The problem.
The reply to the records below should contain exactly the lines from the line with "(tagged r) = 0 ->" through the line with "rewrite -[RHS]sum0 -(sum_undup_partition", and nothing besides.

Data in this exercise.
Lemma relsum_push_down (l : P) (s : seq (relT F)) :
  colim_lt_inj F l -> all (fun r => (src r < l) && (tgt r == l)) s ->
  \sum_(r <- s) tarr l (tagged r) = 0 ->
  exists2 s' : seq (relT F), all (fun r => (src r <= tgt r) && (tgt r < l)) s'
    & forall n, relsum s' n = relsum s n.
Proof.
move=> inj_l s_l sum0.
pose J := undup [seq src r | r <- s].
pose x k := \sum_(r <- s | src r == k) tarr k (tagged r).
have J_lt : all (fun k => k < l) J.
  by apply/allP => k; rewrite mem_undup => /mapP [r /(allP s_l) /andP [rl _] ->].
have xsum : \sum_(k <- J) tarr l (x k) = 0.
  rewrite -[RHS]sum0 -(sum_undup_partition _ (fun r => src r)); apply: eq_big_seq => k kJ.
  rewrite raddf_sum; apply: eq_bigr => r /eqP rk.
  by apply: tarr_comp; rewrite ?rk // ltW // (allP J_lt).
have [s' [s'_lt s'_x]] := inj_l J x (undup_uniq _) J_lt xsum.
exists s' => // n; rewrite /relsum -s'_x.
rewrite (eq_big_seq (fun r => (if src r == n then tarr n (tagged r) else 0)
                            - (if l == n then tarr n (tagged r) else 0))); last first.
  by move=> r /(allP s_l) /andP [rl /eqP tl]; rewrite -tl relcoordE // tl ltW.
rewrite sumrB; have -> : \sum_(r <- s) (if l == n then tarr n (tagged r) else 0) = 0.
  by case: (eqVneq l n) => [<-|_]; rewrite ?sum0 ?big1.
rewrite subr0 -big_mkcond; case: ifP => // nJ.
rewrite big1_seq // => r /andP [/eqP rn rs].
suff: n \in J by rewrite nJ.
by rewrite mem_undup -rn; apply: map_f.
Qed.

Answer box.
  \sum_(r <- s) tarr l (tagged r) = 0 ->
  exists2 s' : seq (relT F), all (fun r => (src r <= tgt r) && (tgt r < l)) s'
    & forall n, relsum s' n = relsum s n.
Proof.
move=> inj_l s_l sum0.
pose J := undup [seq src r | r <- s].
pose x k := \sum_(r <- s | src r == k) tarr k (tagged r).
have J_lt : all (fun k => k < l) J.
  by apply/allP => k; rewrite mem_undup => /mapP [r /(allP s_l) /andP [rl _] ->].
have xsum : \sum_(k <- J) tarr l (x k) = 0.
  rewrite -[RHS]sum0 -(sum_undup_partition _ (fun r => src r)); apply: eq_big_seq => k kJ.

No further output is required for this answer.